TIPS FROM LITIGATORS – SAVE YOUR ENVELOPES, TEXTS, VIDEOS AND EMAILS!
I’m somewhat combining two different topics in the above title, but they emanate from a discussion held in our latest department meeting last week, and I promised I would do a shout out on these issues to you all this week. Let me break it down for you.
Responding to demand letters for wage statements and personnel files. First, with increasing frequency, we have been receiving demand letters from attorneys asking for copies of wage statements and personnel files for former employees. The law changed a few years ago, making these annoying letters easier for attorneys to send. One thing to know, first of all, these attorneys cannot do this without including an authorization from the employee. More often than not, they fail to include it.
But the other important thing to note, these attorneys OFTEN back date these letters. And the fines and fees they seek for being late run from your receipt of the letters. Of course, we cannot prove when you receive the letters, UNLESS YOU SAVE YOUR ENVELOPES. So please, SAVE YOUR ENVELOPES. Often, by the time you get us these letters, the envelopes are long gone. So, my attorneys, paralegals and assistants are asking me to ask you NOW. Tell your staff, now. If you have not gotten one of these letters, you will. We are getting them nearly daily from our clients.

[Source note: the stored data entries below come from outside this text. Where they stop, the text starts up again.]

(* Let $G$ be a finite group. Then $G$ contains an element whose order is a composite number if and only if $g(OD(G))=3$.
   Context: For a finite group $G$, $o(x)$ denotes the order of $x\in G$. The order-divisor graph $OD(G)$ is the simple undirected graph with vertex set $G$, in which two distinct vertices $x,y$ are adjacent if and only if $o(x)\neq o(y)$ and either $o(x)\mid o(y)$ or $o(y)\mid o(x)$. The girth $g(\Gamma)$ of a graph $\Gamma$ is the length of a shortest cycle in $\Gamma$ (taken to be $0$ if $\Gamma$ has no cycle). *)

From mathcomp Require Import all_boot all_fingroup.
Set Implicit Arguments. Unset Strict Implicit. Unset Printing Implicit Defensive.

Definition composite (n : nat) : bool := (1 < n) && ~~ prime n.

Definition od_adj (gT : finGroupType) : rel gT :=
  fun x y => [&& x != y, #[x]%g != #[y]%g & (#[x]%g %| #[y]%g) || (#[y]%g %| #[x]%g)].

Definition has_cycle_len (T : finType) (e : rel T) (k : nat) : bool :=
  (2 < k) && [exists t : k.-tuple T, uniq t && path.cycle e t].

(* Girth: least length of a cycle, 0 if there is no cycle.  A cycle has
   distinct vertices, so its length is at most #|T|. *)
Definition girth (T : finType) (e : rel T) : nat :=
  head 0 [seq k <- iota 0 #|T|.+1 | has_cycle_len e k].

(* An element x of composite order n yields the triangle 1, x^(n/p), x in OD(G), where p is
   the least prime divisor of n: the orders 1, p, n are distinct and form a divisibility chain.
   Conversely, the orders along a triangle are three distinct, pairwise comparable (for
   divisibility) numbers; any orientation of a triangle contains a directed path of length
   two, so the orders contain a strict chain u | v | w, and w has the proper nontrivial
   divisor v. Since a cycle has length at least 3, a triangle means girth 3. *)
From mathcomp Require Import all_boot all_fingroup all_solvable.

Set Implicit Arguments.
Unset Strict Implicit.
Unset Printing Implicit Defensive.

Section Girth.

Variables (T : finType) (e : rel T).

Lemma has_cycle_len_le_card k : has_cycle_len e k -> k <= #|T|.
Proof.
case/andP=> _ /existsP[t /andP[ut _]].
by rewrite -(size_tuple t) -(card_uniqP ut) max_card.
Qed.

Lemma girth_eq3 : girth e = 3 <-> has_cycle_len e 3.
Proof.
rewrite /girth; split=> [girth3 | cyc3].
  have : 3 \in [seq k <- iota 0 #|T|.+1 | has_cycle_len e k].
    by move: girth3; case: [seq k <- _ | _] => //= k s ->; apply: mem_head.
  by rewrite mem_filter => /andP[].
have /subnK <- := has_cycle_len_le_card cyc3.
by rewrite addnS !addnS /= cyc3.
Qed.

Lemma has_cycle3P : irreflexive e ->
  reflect (exists x y z, [&& e x y, e y z & e z x]) (has_cycle_len e 3).
Proof.
move=> irr_e; apply: (iffP andP) => [[_ /existsP[t]] | [x [y [z /and3P[exy eyz ezx]]]]].
  by case: t => -[|x [|y [|z []]]] // _ /andP[_] /=; rewrite andbT; exists x, y, z.
have neq u v : e u v -> u != v by apply: contraTneq => ->; rewrite irr_e.
split=> //; apply/existsP; exists [tuple x; y; z].
by rewrite /= !inE negb_or neq // (neq y) // eq_sym neq //= exy eyz ezx.
Qed.

End Girth.

Definition dvdn_comparable (m n : nat) : bool := (m %| n) || (n %| m).

Lemma composite_dvdn_chain u v w :
  u %| v -> v %| w -> u != v -> v != w -> 0 < w -> composite w.
Proof.
move=> dvd_uv dvd_vw neq_uv neq_vw w_gt0.
have v_gt0 : 0 < v := dvdn_gt0 w_gt0 dvd_vw.
have lt_uv : u < v by rewrite ltn_neqAle neq_uv dvdn_leq.
have lt_vw : v < w by rewrite ltn_neqAle neq_vw dvdn_leq.
have v_gt1 : 1 < v := leq_ltn_trans (dvdn_gt0 v_gt0 dvd_uv) lt_uv.
apply/andP; split; first exact: ltn_trans lt_vw.
apply: contra neq_vw => w_prime.
by apply/eqP/(prime_nt_dvdP w_prime _ dvd_vw); rewrite neq_ltn v_gt1 orbT.
Qed.

(* Any orientation of a triangle contains a directed path of length two. *)
Lemma composite_dvdn_triangle a b c :
  0 < a -> 0 < b -> 0 < c -> a != b -> b != c -> c != a ->
  dvdn_comparable a b -> dvdn_comparable b c -> dvdn_comparable c a ->
  [|| composite a, composite b | composite c].
Proof.
move=> a_gt0 b_gt0 c_gt0 nab nbc nca.
have [nba ncb nac] : [/\ b != a, c != b & a != c] by split; rewrite eq_sym.
case/orP=> dab; case/orP=> dbc; case/orP=> dca;
first [ by rewrite (composite_dvdn_chain dab dbc) ?orbT
      | by rewrite (composite_dvdn_chain dbc dca) ?orbT
      | by rewrite (composite_dvdn_chain dca dab) ?orbT
      | by rewrite (composite_dvdn_chain dab dca) ?orbT
      | by rewrite (composite_dvdn_chain dca dbc) ?orbT
      | by rewrite (composite_dvdn_chain dbc dab) ?orbT ].
Qed.

Section OrderDivisorGraph.

Variable gT : finGroupType.

Lemma od_adjE (x y : gT) :
  od_adj x y = (#[x]%g != #[y]%g) && dvdn_comparable #[x]%g #[y]%g.
Proof. by rewrite /od_adj; case: eqP => [-> | _]; rewrite ?eqxx. Qed.

Lemma od_adj_irr : irreflexive (@od_adj gT).
Proof. by move=> x; rewrite od_adjE eqxx. Qed.

Lemma order_expg_divn (x : gT) d : d %| #[x]%g -> #[x ^+ (#[x]%g %/ d)]%g = d.
Proof. by move=> dvd_dx; rewrite orderXdiv ?dvdn_div // divnA // mulnC mulnK. Qed.

End OrderDivisorGraph.

Theorem mainTheorem4 (gT : finGroupType) :
  (exists x : gT, composite #[x]%g) <-> girth (@od_adj gT) = 3.
Proof.
have triangleP := has_cycle3P (@od_adj_irr gT).
split=> [[x /andP[n_gt1 n_nprime]] | /girth_eq3/triangleP[a [b [c]]]].
  set n := #[x]%g in n_gt1 n_nprime; set p := pdiv n.
  have p_prime : prime p := pdiv_prime n_gt1.
  have ord_y : #[x ^+ (n %/ p)]%g = p := order_expg_divn (pdiv_dvd n).
  apply/girth_eq3/triangleP; exists 1%g, (x ^+ (n %/ p))%g, x.
  rewrite !od_adjE ord_y order1 -/n /dvdn_comparable !dvd1n pdiv_dvd orbT /=.
  rewrite !andbT eq_sym (gtn_eqF (prime_gt1 p_prime)) (gtn_eqF n_gt1) /= andbT.
  by apply: contraNneq _ n_nprime => <-.
rewrite !od_adjE => /and3P[/andP[nab dab] /andP[nbc dbc] /andP[nca dca]].
have := composite_dvdn_triangle (order_gt0 a) (order_gt0 b) (order_gt0 c) nab nbc nca dab dbc dca.
by case/or3P=> composite_order; [exists a | exists b | exists c].
Qed.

Please do not destroy evidence or potential evidence. Another reminder from my litigation team – once you are in litigation, or if there is a threat of litigation (that is, a demand letter, administrative claim, or anything of that nature), you must preserve all relevant texts, emails, documents, that may be relevant to that matter. That means, even if you normally destroy documents due to normal document destruction protocols, don’t. And on a personal level, if you are getting a new phone, for example, make sure you have backed up all your texts. The safest protocol is to give everything to us and have us image all relevant documents at the start of a case, just to be safe. The same would go for any key managers who we know to be witnesses, on any major case. Then there can be no accusation that evidence was destroyed.

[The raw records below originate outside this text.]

Let ext_continuous : continuous ext.
Proof.
apply: continuous_open_rays => r.
  have -> : [set w | (ext w < r%:E)%E] = \bigcup_(q in [set q | q < r]) sublevel q.
    by apply/seteqP; split => w /= => [/ext_lt|/(ext_lt w r)].
  by apply: bigcup_open => q _.
have -> : [set w | (r%:E < ext w)%E] = \bigcup_(q in [set q | r < q]) ~` sublevel q.
  by apply/seteqP; split => w /= => [/ext_gt|/(ext_gt w r)].
by apply: bigcup_open => q _; rewrite openC; exact: closed_closure.
Qed.

Lemma Cinf_extension : exists h : K -> \bar R, Cinf h /\ forall x, U x -> h x = (s x)%:E.
Proof.
exists ext; split=> //; split; first exact: ext_continuous.
apply/seteqP; split => // z hz; rewrite -(interior_setC_dense dU).
have -> : ~` U = closure (~` U) by apply/closure_id; exact: open_closedC.
apply: (interiorS _ hz); apply: closureS => w /= nf Uw; by apply: nf; rewrite ext_eq.
Qed.

End Extension.

Section CinfArithmetic.
Variables (R : realType) (K : topologicalType).
Implicit Types (f d h : K -> \bar R).

Lemma is_scale_exists (c : R) f : @extremally_disconnected K -> Cinf f ->
  exists h, is_scale c f h.
Proof.
move=> ED Cf; have [oU dU] := Cinf_open_dense Cf.
have [h [Ch hU]] := Cinf_extension ED oU dU
  (fun x Ux => cvgM (cvg_cst c) (fine_continuous_at Cf.1 Ux)).
by exists h; split => // w fw; rewrite hU //= -{2}(fineK fw).
Qed.

Lemma is_sum_exists f d : @extremally_disconnected K -> Cinf f -> Cinf d ->
  exists h, is_sum f d h.
Proof.
move=> ED Cf Cd; have [oU dU] := open_denseI (Cinf_open_dense Cf) (Cinf_open_dense Cd).
have [h [Ch hU]] := Cinf_extension ED oU dU
  (fun x Ux => cvgD (fine_continuous_at Cf.1 Ux.1) (fine_continuous_at Cd.1 Ux.2)).
by exists h; split => // w fw dw; rewrite hU // -[in RHS](fineK fw) -[in RHS](fineK dw).
Qed.

Let fin f := [set w | f w \is a fin_num]%E.

Let fin_dense f d : Cinf f -> Cinf d -> dense (fin f `&` fin d).
Proof. by move=> Cf Cd; case: (open_denseI (Cinf_open_dense Cf) (Cinf_open_dense Cd)). Qed.

Lemma is_sum_le f d h : Cinf f -> Cinf d -> is_sum f d h ->
  cle Defs.czero d -> cle f h.
Proof.
move=> Cf Cd [Ch hE] d0; apply: (le_on_dense Cf.1 Ch.1 (fin_dense Cf Cd)) => w [fw dw].
by rewrite hE //; apply: leeDl; exact: d0.
Qed.

Lemma is_sum_ge0 f d h : Cinf f -> Cinf d -> is_sum f d h ->
  cle f h -> cle Defs.czero d.
Proof.
move=> Cf Cd [Ch hE] fh; apply: (le_on_dense (Cinf_cst K 0).1 Cd.1 (fin_dense Cf Cd)).
move=> w [fw dw]; have := fh w; rewrite hE // -(fineK fw) -(fineK dw) !lee_fin.
by rewrite lerDl.
Qed.

Lemma is_sum_idr f d : Cinf f -> Cinf d -> is_sum f d f -> d = Defs.czero.
Proof.
move=> Cf Cd [_ fE]; apply: (eq_on_dense Cd.1 (Cinf_cst K 0).1 (fin_dense Cf Cd)).
move=> w [fw dw]; have := fE w fw dw.
rewrite /Defs.czero /= -(fineK fw) -(fineK dw) -EFinD => e.
by congr EFin; have := EFin_inj e; lra.
Qed.

Lemma is_sum0r f h : Cinf f -> is_sum f Defs.czero h -> h = f.
Proof.
move=> Cf [Ch hE]; apply: (eq_on_dense Ch.1 Cf.1 (fin_dense Cf (Cinf_cst K 0))).
by move=> w [fw _]; rewrite hE // adde0.
Qed.

Lemma riesz_ideal_diff (P : set (K -> \bar R)) f h :
  @extremally_disconnected K -> riesz_ideal P -> P f -> P h ->
  exists2 d, P d & is_sum f d h.
Proof.
move=> ED [PC _ Psum Pscale _] Pf Ph.
have [m mS] := is_scale_exists (-1) ED (PC _ Pf).
have Pm : P m := Pscale _ _ _ Pf mS.
have [d dS] := is_sum_exists ED (PC _ Ph) (PC _ Pm).
have Pd : P d := Psum _ _ _ Ph Pm dS.
have [e eS] := is_sum_exists ED (PC _ Pf) (PC _ Pd).
(* [d = h + (-f)] is only known where [h] and [f] are finite; to get
   [h = f + d] wherever [f] and [d] are finite, compare [h] with [e = f + d]
   on a dense set. *)
suff eh : e = h by exists d; rewrite // -eh.
have [_ dense_fin] := open_denseI
  (open_denseI (Cinf_open_dense (PC _ Pf)) (Cinf_open_dense (PC _ Pd)))
  (open_denseI (Cinf_open_dense (PC _ Ph)) (Cinf_open_dense (PC _ Pm))).
apply: (eq_on_dense eS.1.1 (PC _ Ph).1 dense_fin) => w [[fw dw] [hw mw]].
rewrite eS.2 // dS.2 // mS.2 // -(fineK fw) -(fineK hw) /= -EFinM -!EFinD.
by congr EFin; lra.
Qed.

End CinfArithmetic.

Section ConditionalExpectation.
Variables (R : realType) (K : topologicalType).
Variables (P : set (K -> \bar R)) (F : (K -> \bar R) -> K -> \bar R).
Hypotheses (ED : @extremally_disconnected K) (RI : riesz_ideal P) (CE : cond_exp P F).

Lemma cond_exp_le f h : P f -> P h -> cle f h -> cle (F f) (F h).
Proof.
move=> Pf Ph fh; have [PC _ _ _ _] := RI; have [Pstab [lsum _] _ [pos _] _] := CE.
have [d Pd dS] := riesz_ideal_diff ED RI Pf Ph.
have d0 := is_sum_ge0 (PC _ Pf) (PC _ Pd) dS fh.
exact: is_sum_le (PC _ (Pstab _ Pf)) (PC _ (Pstab _ Pd)) (lsum _ _ _ Pf Pd dS) (pos _ Pd d0).
Qed.

(* Strict positivity: [F (F f - f) = 0] with [F f - f >= 0] forces [F f = f]. *)
Lemma cond_exp_fixed f : P f -> cle f (F f) -> F f = f.
Proof.
move=> Pf fFf; have [PC _ _ _ _] := RI.
have [Pstab [lsum _] _ [_ spos] [proj _]] := CE.
have [d Pd dS] := riesz_ideal_diff ED RI Pf (Pstab _ Pf).
have d0 := is_sum_ge0 (PC _ Pf) (PC _ Pd) dS fFf.
have Fd0 : F d = Defs.czero.
  have := lsum _ _ _ Pf Pd dS; rewrite proj // => FdS.
  exact: is_sum_idr (PC _ (Pstab _ Pf)) (PC _ (Pstab _ Pd)) FdS.
have d_eq0 : d = Defs.czero.
  apply: contrapT => dn; have [_] := spos _ Pd (conj d0 (nesym dn)).
  by rewrite Fd0.
by apply: is_sum0r (PC _ Pf) _; rewrite -d_eq0.
Qed.

End ConditionalExpectation.

Lemma exists_between (R : realType) (A B : set R) : A !=set0 -> B !=set0 ->
  (forall x y, A x -> B y -> x <= y) ->
  exists c, (forall x, A x -> x <= c) /\ (forall y, B y -> c <= y).
Proof.
move=> [x0 Ax0] [y0 By0] AB; exists (sup A); split.
  by apply: ub_le_sup; exists y0 => x Ax; exact: AB.
by move=> y By; apply: ge_sup; [exists x0 | move=> x Ax; exact: AB].
Qed.

(* A subgradient of a convex function on [R^n] is built one coordinate at a
   time, as in the proof of the Hahn-Banach theorem. *)
Section AffineMinorant.
Variables (R : realType) (n : nat) (g : 'rV[R]_n -> R) (x0 : 'rV[R]_n).
Hypothesis cvx : convex_fun g.

Definition lin_form (a : 'I_n -> R) (v : 'rV[R]_n) := \sum_i a i * v 0 i.

Lemma lin_formD a u v l k :
  lin_form a (l *: u + k *: v) = l * lin_form a u + k * lin_form a v.
Proof.
rewrite /lin_form !mulr_sumr -big_split.
by apply: eq_bigr => i _; rewrite !mxE /=; ring.
Qed.

Definition vanishes_from m (v : 'rV[R]_n) := forall i : 'I_n, (m <= i)%N -> v 0 i = 0.

Definition partial_subgradient m a :=
  forall v, vanishes_from m v -> g x0 + lin_form a v <= g (x0 + v).

Section ExtendCoordinate.
Variables (m : nat) (i0 : 'I_n) (a : 'I_n -> R).
Hypotheses (i0m : nat_of_ord i0 = m) (ma : partial_subgradient m a).

Let e : 'rV[R]_n := \row_j (j == i0)%:R.

Let slope (u : 'rV[R]_n) (la : R) :=
  (g (x0 + u + la *: e) - g x0 - lin_form a u) / la.

Let slope_le u v ln lp : vanishes_from m u -> vanishes_from m v ->
  ln < 0 -> 0 < lp -> slope u ln <= slope v lp.
Proof.
move=> mu mv ln0 lp0; pose lw := lp / (lp - ln).
have lw01 : 0 <= lw <= 1.
  by rewrite divr_ge0 ?ler_pdivrMr ?mul1r; [lra|lra|lra|lra].
have midpoint : lw *: (x0 + u + ln *: e) + (1 - lw) *: (x0 + v + lp *: e) =
                x0 + (lw *: u + (1 - lw) *: v).
  by apply/rowP => j; rewrite !mxE /lw; field; lra.
have mw : vanishes_from m (lw *: u + (1 - lw) *: v).
  by move=> i hi; rewrite !mxE mu // mv // !mulr0 addr0.
have := cvx (x0 + u + ln *: e) (x0 + v + lp *: e) (andP lw01).1 (andP lw01).2.
rewrite midpoint => cv; have := le_trans (ma mw) cv; rewrite lin_formD /slope.
set G := g x0; set gu := g (x0 + u + _); set gv := g (x0 + v + _).
set lu := lin_form a u; set lv := lin_form a v => h.
have key : (lp - ln) * (lw * gu + (1 - lw) * gv - (G + (lw * lu + (1 - lw) * lv))) =
           (gu - G - lu) * lp - (gv - G - lv) * ln by rewrite /lw; field; lra.
rewrite ler_ndivrMr // mulrAC ler_pdivrMr // -subr_ge0 -key.
by rewrite mulr_ge0 ?subr_ge0 //; lra.
Qed.

Let coordinate_slope : exists c, forall u la, vanishes_from m u ->
  g x0 + lin_form a u + c * la <= g (x0 + u + la *: e).
Proof.
have m0 : vanishes_from m 0 by move=> i _; rewrite mxE.
pose left := [set y | exists u la, [/\ vanishes_from m u, la < 0 & y = slope u la]].
pose right := [set y | exists u la, [/\ vanishes_from m u, 0 < la & y = slope u la]].
have [c [cl cr]] : exists c, (forall x, left x -> x <= c) /\ (forall y, right y -> c <= y).
  apply: exists_between; first by exists (slope 0 (-1)), 0, (-1); rewrite ltrN10.
    by exists (slope 0 1), 0, 1.
  by move=> _ _ [u [ln [mu ln0 ->]]] [v [lp [mv lp0 ->]]]; exact: slope_le.
exists c => u la mu; have [la0|la0|->] := ltgtP la 0.
- have : slope u la <= c by apply: cl; exists u, la.
  by rewrite ler_ndivrMr //; lra.
- have : c <= slope u la by apply: cr; exists u, la.
  by rewrite ler_pdivlMr //; lra.
- by rewrite mulr0 scale0r !addr0; exact: ma.
Qed.

Lemma partial_subgradient_extend : exists a', partial_subgradient m.+1 a'.
Proof.
have [c hc] := coordinate_slope.
exists (fun i => if i == i0 then c else a i) => v mv.
pose la := v 0 i0; pose u := v - la *: e.
have mu : vanishes_from m u.
  move=> i hi; rewrite /u !mxE; case: eqP => [->|ne]; first by rewrite /la mulr1 subrr.
  rewrite mulr0 subr0; apply: mv; rewrite ltn_neqAle hi andbT -i0m.
  by apply/eqP => /val_inj/esym.
have -> : x0 + v = x0 + u + la *: e by rewrite /u -addrA subrK.
suff -> : lin_form (fun i => if i == i0 then c else a i) v = lin_form a u + c * la.
  by rewrite addrA; exact: hc.
rewrite /lin_form (bigD1 i0) // [in RHS](bigD1 i0) //= eqxx.
rewrite /u !mxE eqxx mulr1 /la subrr mulr0 add0r addrC; congr (_ + _).
by apply: eq_bigr => i /negPf ine; rewrite ine !mxE ine mulr0 subr0.
Qed.

End ExtendCoordinate.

This is especially true for things like videos, that can be recorded over quickly if we do not know they are relevant immediately. Make SURE to save any video that is even questionably important.

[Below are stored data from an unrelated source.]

Definition in_orbit (x : A) : bool :=
  if excluded_middle_informative (exists g, lact g b = x) then true else false.

Lemma in_orbitP x : reflect (exists g, lact g b = x) (in_orbit x).
Proof. by rewrite /in_orbit; case: excluded_middle_informative => h; constructor. Qed.

Definition orbit : finType := {x : A | in_orbit x}.
Implicit Types (x y : orbit) (u : nat -> orbit).

Lemma in_orbit_lact g x : in_orbit (lact g (val x)).
Proof.
have /in_orbitP [h <-] := valP x.
by apply/in_orbitP; exists (g ** h); rewrite lactM.
Qed.

Definition oact g x : orbit := exist _ (lact g (val x)) (in_orbit_lact g x).

Definition orbit_base : orbit := exist _ b (introT (in_orbitP b) (ex_intro _ one (lact1 b))).

Lemma oact1 x : oact one x = x.
Proof. by apply: val_inj; rewrite /= lact1. Qed.

Lemma oactM g h x : oact (g ** h) x = oact g (oact h x).
Proof. by apply: val_inj; rewrite /= lactM. Qed.

Definition transversal x : G :=
  proj1_sig (constructive_indefinite_description _ (elimT (in_orbitP _) (valP x))).

Lemma transversalP x : lact (transversal x) b = val x.
Proof.
exact: (proj2_sig (constructive_indefinite_description _ (elimT (in_orbitP _) (valP x)))).
Qed.

Definition orbit_sec g x : G := sec ((transversal (oact g x))^-1 ** g ** transversal x) b.

Lemma orbit_sec1 x : orbit_sec one x = one.
Proof. by rewrite /orbit_sec oact1 mulg1 gmulVg sec1. Qed.

Lemma orbit_secM g h x : orbit_sec (g ** h) x = orbit_sec g (oact h x) ** orbit_sec h x.
Proof.
rewrite /orbit_sec -sec_stabM; last first.
  by rewrite !lactM transversalP -[lact h _]/(val (oact h x)) -transversalP lactK.
by congr sec; rewrite oactM; gsimpl.
Qed.

Fixpoint orbit_act_at (n : nat) (g : G) (u : nat -> orbit) : orbit :=
  if n is k.+1 then orbit_act_at k (orbit_sec g (u 0)) (fun i => u i.+1) else oact g (u 0).

Definition orbit_act g u n := orbit_act_at n g u.

Lemma orbit_act1 u : orbit_act one u = u.
Proof.
apply: functional_extensionality => n; rewrite /orbit_act.
by elim: n u => [|n IH] u /=; rewrite ?oact1 // orbit_sec1 IH.
Qed.

Lemma orbit_actM g h u : orbit_act (g ** h) u = orbit_act g (orbit_act h u).
Proof.
apply: functional_extensionality => n; rewrite /orbit_act.
by elim: n g h u => [|n IH] g h u /=; rewrite ?oactM // orbit_secM IH.
Qed.

Lemma orbit_act_action : is_action orbit_act.
Proof. by split; [apply: orbit_act1 | apply: orbit_actM]. Qed.

Lemma orbit_act_self_similar : self_similar_action orbit_act.
Proof.
move=> g x; exists (orbit_sec g x), (oact g x) => u.
by apply: functional_extensionality => -[].
Qed.

Lemma orbit_act_transitive : transitive_action orbit_act.
Proof.
move=> x y; exists (transversal y ** (transversal x)^-1) => u.
by apply: val_inj; rewrite /= lactM -transversalP lactK transversalP.
Qed.

Definition orbit_kernel g := forall u, orbit_act g u = u.

Lemma orbit_kernelM g h : orbit_kernel g -> orbit_kernel h -> orbit_kernel (g ** h).
Proof. by move=> kg kh u; rewrite orbit_actM kh kg. Qed.

Lemma orbit_kernelV g : orbit_kernel g -> orbit_kernel g^-1.
Proof. by move=> kg u; rewrite -{1}(kg u) -orbit_actM gmulVg orbit_act1. Qed.

Lemma orbit_kernelJ g h : orbit_kernel g -> orbit_kernel (h^-1 ** g ** h).
Proof. by move=> kg u; rewrite !orbit_actM kg -orbit_actM gmulVg orbit_act1. Qed.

We normally send out what we call “litigation hold” letters in major litigation, but sometimes the letters do not go out until a lawsuit is filed, and information becomes “evidence” long before that, say, a demand letter stage. It usually helps us to have key evidence, so take steps to preserve it there is a hint it may be important later, for example, if you are conducting any kind of investigation. IF IN DOUBT, save everything.
Finally, if you don’t get enough of me here, my dear friend Jason Berkowitz (who MANY of you already know), decided he wanted to put a voice to some of these articles, so he has asked me to join him on his podcast: LA Hospitality News To Go. He even made me go get a REAL MIC! (It’s so much fun!!) Anyway, it’s available on all podcast platforms, or you can check out this website:
https://www.lahospitalitynewstogo.com/
And I hope you all have been taking a little time for your selves, to put on your own oxygen masks, as I say. We took a group from my firm up to the Hollywood Sign to enjoy the beautiful weekend yesterday, and I plan to take the day Sunday with my daughter for Mother’s Day. To my fellow mamas out there, I see you and support you as well, and hope you either get time with your family or away from them, which ever gives you more pleasure these days (no judgment here, I understand where you are!)